- Directions for this task -
List all lines of the data that include the string "negative".

- Information provided -
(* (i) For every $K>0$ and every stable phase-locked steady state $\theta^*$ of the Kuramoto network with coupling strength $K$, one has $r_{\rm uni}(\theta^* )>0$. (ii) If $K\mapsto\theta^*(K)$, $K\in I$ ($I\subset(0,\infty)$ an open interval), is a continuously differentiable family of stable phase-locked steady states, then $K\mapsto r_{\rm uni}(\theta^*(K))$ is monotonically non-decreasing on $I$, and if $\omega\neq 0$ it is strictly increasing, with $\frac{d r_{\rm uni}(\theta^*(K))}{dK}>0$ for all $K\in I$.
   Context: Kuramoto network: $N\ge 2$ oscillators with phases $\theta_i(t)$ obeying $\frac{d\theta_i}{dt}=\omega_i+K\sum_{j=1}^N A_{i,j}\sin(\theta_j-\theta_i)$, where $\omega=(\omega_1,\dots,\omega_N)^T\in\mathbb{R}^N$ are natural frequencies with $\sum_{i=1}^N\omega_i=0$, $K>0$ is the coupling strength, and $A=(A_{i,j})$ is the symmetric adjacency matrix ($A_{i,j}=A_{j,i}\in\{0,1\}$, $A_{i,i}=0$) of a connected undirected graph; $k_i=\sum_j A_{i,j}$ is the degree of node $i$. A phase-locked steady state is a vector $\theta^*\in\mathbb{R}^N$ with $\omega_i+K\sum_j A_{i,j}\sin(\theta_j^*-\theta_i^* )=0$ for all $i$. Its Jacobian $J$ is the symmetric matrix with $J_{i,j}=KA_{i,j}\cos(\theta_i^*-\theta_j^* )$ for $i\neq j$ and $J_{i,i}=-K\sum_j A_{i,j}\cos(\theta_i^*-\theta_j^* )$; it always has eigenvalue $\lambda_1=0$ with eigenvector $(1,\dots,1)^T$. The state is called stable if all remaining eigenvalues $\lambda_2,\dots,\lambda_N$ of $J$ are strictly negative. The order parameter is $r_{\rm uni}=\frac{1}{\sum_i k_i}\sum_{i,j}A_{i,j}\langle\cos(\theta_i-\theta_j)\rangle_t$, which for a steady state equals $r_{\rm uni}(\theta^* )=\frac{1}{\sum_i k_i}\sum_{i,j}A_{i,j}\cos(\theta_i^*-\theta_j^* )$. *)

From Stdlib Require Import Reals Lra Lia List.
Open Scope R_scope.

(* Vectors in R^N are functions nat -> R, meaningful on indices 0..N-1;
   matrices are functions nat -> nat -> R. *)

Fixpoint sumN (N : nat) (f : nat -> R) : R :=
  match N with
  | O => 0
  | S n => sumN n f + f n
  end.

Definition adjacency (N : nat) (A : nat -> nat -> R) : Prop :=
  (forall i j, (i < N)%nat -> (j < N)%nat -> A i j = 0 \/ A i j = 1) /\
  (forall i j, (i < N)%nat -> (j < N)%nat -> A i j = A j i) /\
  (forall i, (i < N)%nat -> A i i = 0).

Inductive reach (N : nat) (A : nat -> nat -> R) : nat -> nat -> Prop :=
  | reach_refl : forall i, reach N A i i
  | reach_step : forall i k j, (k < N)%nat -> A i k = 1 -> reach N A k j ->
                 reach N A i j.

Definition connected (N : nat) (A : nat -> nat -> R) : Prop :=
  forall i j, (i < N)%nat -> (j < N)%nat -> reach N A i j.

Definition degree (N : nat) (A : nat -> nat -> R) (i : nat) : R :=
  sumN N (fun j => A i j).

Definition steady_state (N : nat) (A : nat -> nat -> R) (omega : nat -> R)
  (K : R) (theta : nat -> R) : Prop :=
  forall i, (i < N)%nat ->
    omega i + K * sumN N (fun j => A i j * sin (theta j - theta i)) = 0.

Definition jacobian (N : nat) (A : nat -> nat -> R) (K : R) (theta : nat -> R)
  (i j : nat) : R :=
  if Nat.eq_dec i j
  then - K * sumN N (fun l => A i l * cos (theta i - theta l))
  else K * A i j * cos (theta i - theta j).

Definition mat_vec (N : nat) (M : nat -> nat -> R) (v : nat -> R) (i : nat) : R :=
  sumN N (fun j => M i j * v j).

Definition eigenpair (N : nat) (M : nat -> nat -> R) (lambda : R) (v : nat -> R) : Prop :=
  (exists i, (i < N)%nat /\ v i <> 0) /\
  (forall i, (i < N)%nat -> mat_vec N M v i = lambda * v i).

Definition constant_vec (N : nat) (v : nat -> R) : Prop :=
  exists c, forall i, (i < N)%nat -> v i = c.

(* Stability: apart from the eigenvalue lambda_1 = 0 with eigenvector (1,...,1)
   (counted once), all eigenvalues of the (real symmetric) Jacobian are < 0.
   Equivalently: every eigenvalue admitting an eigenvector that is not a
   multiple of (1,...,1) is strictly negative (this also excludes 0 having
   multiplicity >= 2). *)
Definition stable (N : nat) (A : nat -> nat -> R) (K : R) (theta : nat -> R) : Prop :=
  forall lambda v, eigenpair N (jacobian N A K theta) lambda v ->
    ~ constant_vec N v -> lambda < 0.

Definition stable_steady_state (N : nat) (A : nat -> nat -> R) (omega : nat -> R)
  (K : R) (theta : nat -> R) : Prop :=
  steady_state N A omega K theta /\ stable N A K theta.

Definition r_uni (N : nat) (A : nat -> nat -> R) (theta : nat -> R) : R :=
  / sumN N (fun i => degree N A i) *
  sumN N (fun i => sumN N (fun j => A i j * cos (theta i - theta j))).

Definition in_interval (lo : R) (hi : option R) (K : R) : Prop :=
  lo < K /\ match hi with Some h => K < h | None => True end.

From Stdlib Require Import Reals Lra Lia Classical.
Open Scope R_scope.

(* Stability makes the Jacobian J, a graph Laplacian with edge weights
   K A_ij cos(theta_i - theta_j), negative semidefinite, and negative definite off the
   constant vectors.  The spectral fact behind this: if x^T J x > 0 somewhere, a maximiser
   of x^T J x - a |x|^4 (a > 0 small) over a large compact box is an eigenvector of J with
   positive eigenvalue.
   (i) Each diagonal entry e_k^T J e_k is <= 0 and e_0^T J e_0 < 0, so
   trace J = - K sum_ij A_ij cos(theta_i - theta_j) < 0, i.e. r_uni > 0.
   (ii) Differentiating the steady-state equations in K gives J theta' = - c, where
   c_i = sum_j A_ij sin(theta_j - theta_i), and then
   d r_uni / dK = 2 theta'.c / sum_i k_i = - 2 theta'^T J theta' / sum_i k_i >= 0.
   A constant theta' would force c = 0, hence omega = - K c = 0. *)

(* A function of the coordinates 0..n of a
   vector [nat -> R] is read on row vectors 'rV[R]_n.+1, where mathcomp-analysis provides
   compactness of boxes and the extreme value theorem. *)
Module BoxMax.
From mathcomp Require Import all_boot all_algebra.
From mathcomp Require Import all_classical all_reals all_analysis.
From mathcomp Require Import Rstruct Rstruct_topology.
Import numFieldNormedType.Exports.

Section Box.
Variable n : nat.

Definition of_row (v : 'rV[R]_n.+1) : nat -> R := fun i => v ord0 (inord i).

- Finished task -
   Context: Kuramoto network: $N\ge 2$ oscillators with phases $\theta_i(t)$ obeying $\frac{d\theta_i}{dt}=\omega_i+K\sum_{j=1}^N A_{i,j}\sin(\theta_j-\theta_i)$, where $\omega=(\omega_1,\dots,\omega_N)^T\in\mathbb{R}^N$ are natural frequencies with $\sum_{i=1}^N\omega_i=0$, $K>0$ is the coupling strength, and $A=(A_{i,j})$ is the symmetric adjacency matrix ($A_{i,j}=A_{j,i}\in\{0,1\}$, $A_{i,i}=0$) of a connected undirected graph; $k_i=\sum_j A_{i,j}$ is the degree of node $i$. A phase-locked steady state is a vector $\theta^*\in\mathbb{R}^N$ with $\omega_i+K\sum_j A_{i,j}\sin(\theta_j^*-\theta_i^* )=0$ for all $i$. Its Jacobian $J$ is the symmetric matrix with $J_{i,j}=KA_{i,j}\cos(\theta_i^*-\theta_j^* )$ for $i\neq j$ and $J_{i,i}=-K\sum_j A_{i,j}\cos(\theta_i^*-\theta_j^* )$; it always has eigenvalue $\lambda_1=0$ with eigenvector $(1,\dots,1)^T$. The state is called stable if all remaining eigenvalues $\lambda_2,\dots,\lambda_N$ of $J$ are strictly negative. The order parameter is $r_{\rm uni}=\frac{1}{\sum_i k_i}\sum_{i,j}A_{i,j}\langle\cos(\theta_i-\theta_j)\rangle_t$, which for a steady state equals $r_{\rm uni}(\theta^* )=\frac{1}{\sum_i k_i}\sum_{i,j}A_{i,j}\cos(\theta_i^*-\theta_j^* )$. *)
   multiple of (1,...,1) is strictly negative (this also excludes 0 having
   K A_ij cos(theta_i - theta_j), negative semidefinite, and negative definite off the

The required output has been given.